Read Pressure Drop Online

Authors: Peter Abrahams

Pressure Drop (15 page)

“But there must be more we can do.”

“Like what?”

“I don't know what. You're the cop. You tell me.”

Detective Delgado's eyes narrowed again. Then she said, “Aw, shit,” reached into her pocket, took out the cigarettes, lit one, sucked deeply and tossed the match on the floor. She blew a cloud of smoke luxuriously through her nostrils. “The Surgeon-General says I'm an addict, like a drug addict, you know? I know what an addict is. I bust them every goddamn day of my life.” She took another deep drag. “You got any money?”

“What kind of money?” Nina asked, wondering for a second if some sort of incentive beyond the detective's salary was being suggested.

“Reward money,” replied the detective. “For information leading to the recovery of. Don't say arrest or apprehension or any of that shit. In fact, say no questions asked.”

“How much?”

“Not too much. We don't want anyone to think you're rich. You're not, are you?”

“No. What about five thousand?”

“Make it ten if you can. People will do a lot for ten grand in this town, even something good.”

After Detective Delgado left, Nina lay down again. She had to get the reward set up. She thought about the best way to do that, wishing she had asked Detective Delgado. Then she tried to recall the clinical definition of “psychotic” from Psych 101, especially what it said about violence. Her eyes closed. She drifted toward a dream. It began with a genteel voice saying: “Candy, dear?” Then the telephone rang. Nina jerked up in the bed, grabbed the receiver.

“Hello?”

“Where the heck are you?” said a high-pitched voice. “It's nine twenty-three and I've been trying to reach you for hours.”

“Who is this?” said Nina, fighting to shake off her dream, and whatever drug they had her on.

“Who is this? Who is this? Is something wrong with you? We just talked yesterday and you said you'd get back to me.” It was the Birdman.

“Oh God.”

“Oh God? What do you mean, ‘Oh God'? I'm at Condé Nast right now and the most crucial meeting of my entire life starts in … four and a half minutes.”

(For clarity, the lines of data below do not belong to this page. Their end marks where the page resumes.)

(* Write R_N(A) for the product of A(zeta) over the N-th roots of unity zeta.
   Grouping the p^(n+1)-th roots of unity into cosets of the p-th roots gives
   R_{p^(n+1)}(A) = R_{p^n}(A') for the Graeffe transform A'(t^p) = prod_{w^p = 1} A(w t),
   and perturbing A by p^j H (j > 0) over the algebraic integers perturbs A' by
   p^(j+1) times an algebraic integer polynomial.  By induction,
   R_{p^n}(f) = R_{p^n}(Phi_m) + p^(n+1) c with c an algebraic integer; c is also
   rational because resultants of integer polynomials are integers (determinants of
   circulant matrices), so c is an integer.  Since p does not divide m, zeta -> zeta^(p^n)
   permutes the primitive m-th roots of unity, whence R_{p^n}(Phi_m) = Phi_m(1) up to a
   sign that is trivial whenever Phi_m(1) <> 0.  Finally the identity
   prod_{1 < d | m} Phi_d(1) = m forces Phi_m(1) = exp(Lambda(m)), Lambda being the von
   Mangoldt function. *)

From HB Require Import structures.
From mathcomp Require Import all_boot all_order all_algebra all_field.
From mathcomp Require Import ring.
Set Implicit Arguments. Unset Strict Implicit. Unset Printing Implicit Defensive.
Import Order.TTheory GRing.Theory Num.Theory.
Local Open Scope ring_scope.

Section Dilation.
Variable R : comNzRingType.
Implicit Types (c x : R) (A : {poly R}).

Definition dilate c A := A \Po (c *: 'X).

HB.instance Definition _ c := GRing.LRMorphism.copy (dilate c) (comp_poly (c *: 'X)).

Lemma coef_dilate c A i : (dilate c A)`_i = c ^+ i * A`_i.
Proof.
rewrite /dilate comp_polyE.
under eq_bigr do rewrite exprZn scalerA mulrC.
rewrite -(poly_def _ (fun i => c ^+ i * A`_i)) coef_poly; case: ltnP => // le_A_i.
by rewrite nth_default ?mulr0.
Qed.

Lemma horner_dilate c A x : (dilate c A).[x] = A.[c * x].
Proof. by rewrite /dilate horner_comp hornerZ hornerX. Qed.

Lemma dilate_dilate c d A : dilate c (dilate d A) = dilate (d * c) A.
Proof. by apply/polyP => i; rewrite !coef_dilate mulrA -exprMn (mulrC c d). Qed.

Lemma polyOver_dilate (S : subringClosed R) c A :
  c \in S -> A \is a polyOver S -> dilate c A \is a polyOver S.
Proof. by move=> Sc SA; rewrite polyOver_comp ?polyOverZ ?polyOverX. Qed.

“Postpone it till next week.”

“Postpone it? What do I tell them?”

“Tell them anything. Tell them your mother died.”

“My mother's been dead for ten years.”

“Then it won't be a lie.”

“Listen, god darn it. Is this some kind of what-do-you-call-it? Shakedown? Are you trying to get more money out of me? Because if that's the case, I think it's highly unethical, and what's more—”

Nina hung up. Now she was wide awake. She started to get out of bed. The door flew open and Jason rushed in.

“Oh, Nina,” he said, “I've just heard everything.” He hugged her. She began to cry. Jason cried too. She felt his tears falling on her shoulder. She stopped crying and patted him on the back.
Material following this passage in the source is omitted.